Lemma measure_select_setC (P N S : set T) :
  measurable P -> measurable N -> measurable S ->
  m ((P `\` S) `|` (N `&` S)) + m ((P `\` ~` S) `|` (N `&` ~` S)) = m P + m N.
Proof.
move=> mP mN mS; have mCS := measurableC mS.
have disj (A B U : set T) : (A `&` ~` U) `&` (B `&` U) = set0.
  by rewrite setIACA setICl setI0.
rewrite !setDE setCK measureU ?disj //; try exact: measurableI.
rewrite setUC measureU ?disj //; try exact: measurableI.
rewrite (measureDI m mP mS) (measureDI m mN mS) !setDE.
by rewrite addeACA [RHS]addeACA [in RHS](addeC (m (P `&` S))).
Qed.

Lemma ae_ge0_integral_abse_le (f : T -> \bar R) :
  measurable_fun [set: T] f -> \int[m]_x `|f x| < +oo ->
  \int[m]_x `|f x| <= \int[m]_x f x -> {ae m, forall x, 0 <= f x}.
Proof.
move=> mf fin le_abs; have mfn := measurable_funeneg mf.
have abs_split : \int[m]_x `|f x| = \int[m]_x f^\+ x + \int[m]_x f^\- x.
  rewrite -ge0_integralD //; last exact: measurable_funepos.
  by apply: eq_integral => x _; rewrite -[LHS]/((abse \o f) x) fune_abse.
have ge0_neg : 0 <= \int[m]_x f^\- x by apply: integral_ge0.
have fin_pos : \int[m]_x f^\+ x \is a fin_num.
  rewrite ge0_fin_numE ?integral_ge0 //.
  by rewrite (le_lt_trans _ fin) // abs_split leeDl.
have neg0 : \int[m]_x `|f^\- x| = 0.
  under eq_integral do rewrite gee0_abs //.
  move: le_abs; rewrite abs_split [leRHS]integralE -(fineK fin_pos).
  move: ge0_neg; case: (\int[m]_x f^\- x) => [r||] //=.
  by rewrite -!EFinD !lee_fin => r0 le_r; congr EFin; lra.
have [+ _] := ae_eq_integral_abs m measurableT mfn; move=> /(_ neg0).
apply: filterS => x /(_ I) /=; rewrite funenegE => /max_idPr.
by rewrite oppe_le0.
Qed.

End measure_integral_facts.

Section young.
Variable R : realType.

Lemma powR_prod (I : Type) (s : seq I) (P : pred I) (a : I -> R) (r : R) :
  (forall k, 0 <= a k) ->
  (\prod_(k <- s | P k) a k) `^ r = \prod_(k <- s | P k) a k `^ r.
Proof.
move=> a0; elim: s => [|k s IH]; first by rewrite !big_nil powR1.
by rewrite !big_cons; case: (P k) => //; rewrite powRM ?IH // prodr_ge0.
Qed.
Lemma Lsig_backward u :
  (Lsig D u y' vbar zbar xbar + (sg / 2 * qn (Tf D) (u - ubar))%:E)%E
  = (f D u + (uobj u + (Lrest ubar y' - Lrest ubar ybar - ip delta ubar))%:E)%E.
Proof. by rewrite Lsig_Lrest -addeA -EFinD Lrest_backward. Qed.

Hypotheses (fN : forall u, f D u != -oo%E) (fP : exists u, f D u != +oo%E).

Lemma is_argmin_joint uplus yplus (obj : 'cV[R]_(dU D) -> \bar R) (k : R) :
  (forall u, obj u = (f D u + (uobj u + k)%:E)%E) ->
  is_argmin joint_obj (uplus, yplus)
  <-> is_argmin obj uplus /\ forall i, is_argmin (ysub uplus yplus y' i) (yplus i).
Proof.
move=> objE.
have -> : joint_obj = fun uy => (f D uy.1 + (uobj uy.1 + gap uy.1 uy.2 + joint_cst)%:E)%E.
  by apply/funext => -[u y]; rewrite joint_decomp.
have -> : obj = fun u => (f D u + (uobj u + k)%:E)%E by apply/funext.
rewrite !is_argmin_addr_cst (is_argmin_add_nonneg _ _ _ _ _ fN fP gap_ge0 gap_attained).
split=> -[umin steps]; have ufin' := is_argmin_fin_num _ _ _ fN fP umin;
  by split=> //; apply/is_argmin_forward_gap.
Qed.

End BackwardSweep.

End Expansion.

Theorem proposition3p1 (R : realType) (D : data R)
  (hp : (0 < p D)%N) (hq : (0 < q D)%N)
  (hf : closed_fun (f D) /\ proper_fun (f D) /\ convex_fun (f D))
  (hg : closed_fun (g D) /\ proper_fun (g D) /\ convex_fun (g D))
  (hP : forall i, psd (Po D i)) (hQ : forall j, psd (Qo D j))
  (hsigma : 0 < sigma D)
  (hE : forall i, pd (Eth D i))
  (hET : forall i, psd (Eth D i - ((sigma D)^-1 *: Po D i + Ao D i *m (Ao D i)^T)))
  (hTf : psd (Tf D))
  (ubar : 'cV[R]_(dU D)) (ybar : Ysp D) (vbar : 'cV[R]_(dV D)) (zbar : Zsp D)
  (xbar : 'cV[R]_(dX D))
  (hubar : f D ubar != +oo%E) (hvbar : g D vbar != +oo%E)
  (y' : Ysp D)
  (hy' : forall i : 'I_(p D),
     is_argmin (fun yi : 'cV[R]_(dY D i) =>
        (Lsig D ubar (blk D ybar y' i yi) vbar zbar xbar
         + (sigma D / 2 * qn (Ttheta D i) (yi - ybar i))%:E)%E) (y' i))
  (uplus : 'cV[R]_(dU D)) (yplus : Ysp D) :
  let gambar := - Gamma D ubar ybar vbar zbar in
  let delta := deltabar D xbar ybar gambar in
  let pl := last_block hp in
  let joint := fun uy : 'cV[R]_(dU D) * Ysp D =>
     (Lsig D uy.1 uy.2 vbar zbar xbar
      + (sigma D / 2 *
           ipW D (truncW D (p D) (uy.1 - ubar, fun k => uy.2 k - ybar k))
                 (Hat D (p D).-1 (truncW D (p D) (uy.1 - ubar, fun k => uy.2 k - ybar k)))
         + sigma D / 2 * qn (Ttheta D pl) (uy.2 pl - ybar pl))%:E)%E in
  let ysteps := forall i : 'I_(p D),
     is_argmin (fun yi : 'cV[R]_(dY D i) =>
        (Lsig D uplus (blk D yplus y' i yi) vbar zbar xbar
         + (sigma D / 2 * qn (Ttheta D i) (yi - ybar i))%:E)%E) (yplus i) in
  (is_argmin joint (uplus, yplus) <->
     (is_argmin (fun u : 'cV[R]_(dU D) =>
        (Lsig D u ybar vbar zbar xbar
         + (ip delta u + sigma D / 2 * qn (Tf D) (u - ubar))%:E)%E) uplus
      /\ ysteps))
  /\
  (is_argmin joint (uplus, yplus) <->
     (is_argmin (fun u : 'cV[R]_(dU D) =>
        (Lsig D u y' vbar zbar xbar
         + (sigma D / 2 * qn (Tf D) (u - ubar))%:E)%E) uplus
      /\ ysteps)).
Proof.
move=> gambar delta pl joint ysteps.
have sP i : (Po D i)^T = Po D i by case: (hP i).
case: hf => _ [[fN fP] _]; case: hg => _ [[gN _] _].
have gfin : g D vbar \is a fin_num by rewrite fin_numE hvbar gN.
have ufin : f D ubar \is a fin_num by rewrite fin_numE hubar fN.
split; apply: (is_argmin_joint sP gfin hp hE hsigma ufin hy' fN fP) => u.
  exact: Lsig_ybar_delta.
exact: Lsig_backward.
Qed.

⁂

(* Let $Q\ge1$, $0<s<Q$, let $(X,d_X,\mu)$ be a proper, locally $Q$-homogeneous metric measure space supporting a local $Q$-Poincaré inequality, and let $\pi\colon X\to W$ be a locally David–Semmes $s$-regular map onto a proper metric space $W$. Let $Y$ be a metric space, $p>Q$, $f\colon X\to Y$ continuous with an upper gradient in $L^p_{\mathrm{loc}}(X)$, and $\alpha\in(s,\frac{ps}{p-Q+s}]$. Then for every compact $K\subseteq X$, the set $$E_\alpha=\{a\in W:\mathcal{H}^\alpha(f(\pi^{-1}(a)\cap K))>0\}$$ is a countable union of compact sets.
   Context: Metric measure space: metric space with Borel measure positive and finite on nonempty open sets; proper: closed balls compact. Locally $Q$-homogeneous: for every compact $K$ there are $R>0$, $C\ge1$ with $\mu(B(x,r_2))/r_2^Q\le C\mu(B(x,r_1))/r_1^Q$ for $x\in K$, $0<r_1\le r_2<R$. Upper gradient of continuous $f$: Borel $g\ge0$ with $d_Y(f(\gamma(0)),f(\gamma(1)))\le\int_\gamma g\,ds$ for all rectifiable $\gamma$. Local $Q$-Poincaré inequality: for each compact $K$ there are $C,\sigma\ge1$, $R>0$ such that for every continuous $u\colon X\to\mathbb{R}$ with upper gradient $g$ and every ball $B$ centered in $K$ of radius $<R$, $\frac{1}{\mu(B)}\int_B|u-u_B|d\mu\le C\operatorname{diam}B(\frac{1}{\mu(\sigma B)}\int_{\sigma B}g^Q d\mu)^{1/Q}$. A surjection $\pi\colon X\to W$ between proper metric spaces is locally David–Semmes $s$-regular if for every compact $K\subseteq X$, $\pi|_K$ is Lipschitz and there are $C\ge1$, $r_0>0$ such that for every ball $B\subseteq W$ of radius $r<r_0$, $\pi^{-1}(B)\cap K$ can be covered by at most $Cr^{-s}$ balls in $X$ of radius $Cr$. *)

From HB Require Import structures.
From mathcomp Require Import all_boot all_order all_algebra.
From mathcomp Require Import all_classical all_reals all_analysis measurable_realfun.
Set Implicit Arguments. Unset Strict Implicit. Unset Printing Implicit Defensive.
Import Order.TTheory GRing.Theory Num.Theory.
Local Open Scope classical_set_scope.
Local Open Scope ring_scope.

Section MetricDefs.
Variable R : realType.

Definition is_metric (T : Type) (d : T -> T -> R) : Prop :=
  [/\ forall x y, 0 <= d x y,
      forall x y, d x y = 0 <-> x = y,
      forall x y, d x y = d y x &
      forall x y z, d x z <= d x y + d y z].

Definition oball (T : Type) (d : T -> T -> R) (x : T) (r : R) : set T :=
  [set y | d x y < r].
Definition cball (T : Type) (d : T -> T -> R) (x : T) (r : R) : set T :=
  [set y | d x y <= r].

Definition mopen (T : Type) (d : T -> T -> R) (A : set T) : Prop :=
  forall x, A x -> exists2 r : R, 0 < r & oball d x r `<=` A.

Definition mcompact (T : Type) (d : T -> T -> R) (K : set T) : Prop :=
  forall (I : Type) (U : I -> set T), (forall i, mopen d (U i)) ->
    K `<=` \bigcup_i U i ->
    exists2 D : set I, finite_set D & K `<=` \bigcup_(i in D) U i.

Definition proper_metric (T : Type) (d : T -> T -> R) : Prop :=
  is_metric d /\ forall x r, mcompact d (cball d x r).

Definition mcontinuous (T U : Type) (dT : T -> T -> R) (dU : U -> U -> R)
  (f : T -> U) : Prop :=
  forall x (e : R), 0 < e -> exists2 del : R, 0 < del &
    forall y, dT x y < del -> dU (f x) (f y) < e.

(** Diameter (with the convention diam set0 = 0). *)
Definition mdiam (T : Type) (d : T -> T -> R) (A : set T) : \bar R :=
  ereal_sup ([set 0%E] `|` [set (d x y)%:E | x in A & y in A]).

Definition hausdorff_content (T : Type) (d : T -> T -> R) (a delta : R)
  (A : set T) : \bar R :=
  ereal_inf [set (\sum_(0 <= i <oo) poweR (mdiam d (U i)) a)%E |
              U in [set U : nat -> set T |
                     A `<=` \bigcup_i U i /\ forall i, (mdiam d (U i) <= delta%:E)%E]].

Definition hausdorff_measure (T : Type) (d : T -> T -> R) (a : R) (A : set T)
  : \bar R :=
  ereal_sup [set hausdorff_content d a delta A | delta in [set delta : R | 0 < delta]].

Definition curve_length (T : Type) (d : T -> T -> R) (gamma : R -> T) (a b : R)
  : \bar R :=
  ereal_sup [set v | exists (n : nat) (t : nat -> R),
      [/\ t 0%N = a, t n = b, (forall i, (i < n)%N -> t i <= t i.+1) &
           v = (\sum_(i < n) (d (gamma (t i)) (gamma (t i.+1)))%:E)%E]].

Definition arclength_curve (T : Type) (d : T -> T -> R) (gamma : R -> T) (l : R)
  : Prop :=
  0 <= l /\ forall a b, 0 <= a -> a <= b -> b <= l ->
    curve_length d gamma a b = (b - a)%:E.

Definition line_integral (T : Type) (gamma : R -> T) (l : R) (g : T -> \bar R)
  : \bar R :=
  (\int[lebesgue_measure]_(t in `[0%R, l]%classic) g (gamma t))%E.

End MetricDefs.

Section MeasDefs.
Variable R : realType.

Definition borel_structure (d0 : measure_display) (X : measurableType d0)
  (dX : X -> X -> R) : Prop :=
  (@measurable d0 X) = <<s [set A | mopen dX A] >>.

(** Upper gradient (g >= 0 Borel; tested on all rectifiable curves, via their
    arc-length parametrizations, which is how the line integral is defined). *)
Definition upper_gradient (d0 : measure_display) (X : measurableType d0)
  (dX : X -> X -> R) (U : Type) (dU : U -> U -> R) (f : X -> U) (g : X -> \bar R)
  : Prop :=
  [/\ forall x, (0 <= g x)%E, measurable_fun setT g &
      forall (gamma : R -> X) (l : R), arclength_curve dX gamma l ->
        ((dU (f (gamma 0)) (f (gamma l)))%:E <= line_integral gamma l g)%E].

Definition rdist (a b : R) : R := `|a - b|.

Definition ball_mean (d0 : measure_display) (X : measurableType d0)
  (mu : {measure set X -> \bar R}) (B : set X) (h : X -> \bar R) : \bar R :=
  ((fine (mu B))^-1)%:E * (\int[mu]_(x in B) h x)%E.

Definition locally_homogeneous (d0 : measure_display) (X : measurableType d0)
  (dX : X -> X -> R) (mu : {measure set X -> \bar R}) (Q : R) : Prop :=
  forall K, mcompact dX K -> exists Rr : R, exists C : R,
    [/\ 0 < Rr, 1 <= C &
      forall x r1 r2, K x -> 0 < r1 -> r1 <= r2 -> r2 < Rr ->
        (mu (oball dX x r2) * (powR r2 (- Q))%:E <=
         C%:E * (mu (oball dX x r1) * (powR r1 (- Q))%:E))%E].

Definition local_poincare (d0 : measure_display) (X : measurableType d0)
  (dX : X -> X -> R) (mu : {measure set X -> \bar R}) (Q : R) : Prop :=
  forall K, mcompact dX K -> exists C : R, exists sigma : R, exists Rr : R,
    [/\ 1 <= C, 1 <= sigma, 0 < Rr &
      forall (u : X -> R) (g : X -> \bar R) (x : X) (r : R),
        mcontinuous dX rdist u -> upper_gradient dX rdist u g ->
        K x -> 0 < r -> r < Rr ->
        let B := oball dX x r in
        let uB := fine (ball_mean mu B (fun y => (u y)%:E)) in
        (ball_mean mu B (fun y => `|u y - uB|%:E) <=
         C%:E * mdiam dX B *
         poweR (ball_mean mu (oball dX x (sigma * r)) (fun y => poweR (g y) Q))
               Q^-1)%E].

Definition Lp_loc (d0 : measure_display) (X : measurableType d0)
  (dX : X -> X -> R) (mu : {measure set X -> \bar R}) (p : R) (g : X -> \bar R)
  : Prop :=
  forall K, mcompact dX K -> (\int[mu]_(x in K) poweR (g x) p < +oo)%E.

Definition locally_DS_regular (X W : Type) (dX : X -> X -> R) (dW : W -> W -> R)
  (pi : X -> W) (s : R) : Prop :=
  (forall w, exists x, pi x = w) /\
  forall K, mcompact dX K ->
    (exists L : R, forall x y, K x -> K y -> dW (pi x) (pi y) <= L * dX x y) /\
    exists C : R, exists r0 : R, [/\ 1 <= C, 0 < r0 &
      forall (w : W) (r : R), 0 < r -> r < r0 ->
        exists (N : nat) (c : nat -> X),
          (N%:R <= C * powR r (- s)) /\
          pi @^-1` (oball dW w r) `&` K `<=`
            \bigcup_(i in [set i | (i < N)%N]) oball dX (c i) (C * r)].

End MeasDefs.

⁂

:: Work to be completed ::
Take the records above and return, word for word, only the lines that fall from the line with "g (gamma t))%E." to the line with "K x -> 0 < r -> r < Rr ->", both of them included.

:: Task solution ::
  (\int[lebesgue_measure]_(t in `[0%R, l]%classic) g (gamma t))%E.

End MetricDefs.

Section MeasDefs.
Variable R : realType.

Definition borel_structure (d0 : measure_display) (X : measurableType d0)
  (dX : X -> X -> R) : Prop :=
  (@measurable d0 X) = <<s [set A | mopen dX A] >>.

(** Upper gradient (g >= 0 Borel; tested on all rectifiable curves, via their
    arc-length parametrizations, which is how the line integral is defined). *)
Definition upper_gradient (d0 : measure_display) (X : measurableType d0)
  (dX : X -> X -> R) (U : Type) (dU : U -> U -> R) (f : X -> U) (g : X -> \bar R)
  : Prop :=
  [/\ forall x, (0 <= g x)%E, measurable_fun setT g &
      forall (gamma : R -> X) (l : R), arclength_curve dX gamma l ->
        ((dU (f (gamma 0)) (f (gamma l)))%:E <= line_integral gamma l g)%E].

Definition rdist (a b : R) : R := `|a - b|.

Definition ball_mean (d0 : measure_display) (X : measurableType d0)
  (mu : {measure set X -> \bar R}) (B : set X) (h : X -> \bar R) : \bar R :=
  ((fine (mu B))^-1)%:E * (\int[mu]_(x in B) h x)%E.

Definition locally_homogeneous (d0 : measure_display) (X : measurableType d0)
  (dX : X -> X -> R) (mu : {measure set X -> \bar R}) (Q : R) : Prop :=
  forall K, mcompact dX K -> exists Rr : R, exists C : R,
    [/\ 0 < Rr, 1 <= C &
      forall x r1 r2, K x -> 0 < r1 -> r1 <= r2 -> r2 < Rr ->
        (mu (oball dX x r2) * (powR r2 (- Q))%:E <=
         C%:E * (mu (oball dX x r1) * (powR r1 (- Q))%:E))%E].

Definition local_poincare (d0 : measure_display) (X : measurableType d0)
  (dX : X -> X -> R) (mu : {measure set X -> \bar R}) (Q : R) : Prop :=
  forall K, mcompact dX K -> exists C : R, exists sigma : R, exists Rr : R,
    [/\ 1 <= C, 1 <= sigma, 0 < Rr &
      forall (u : X -> R) (g : X -> \bar R) (x : X) (r : R),
        mcontinuous dX rdist u -> upper_gradient dX rdist u g ->
        K x -> 0 < r -> r < Rr ->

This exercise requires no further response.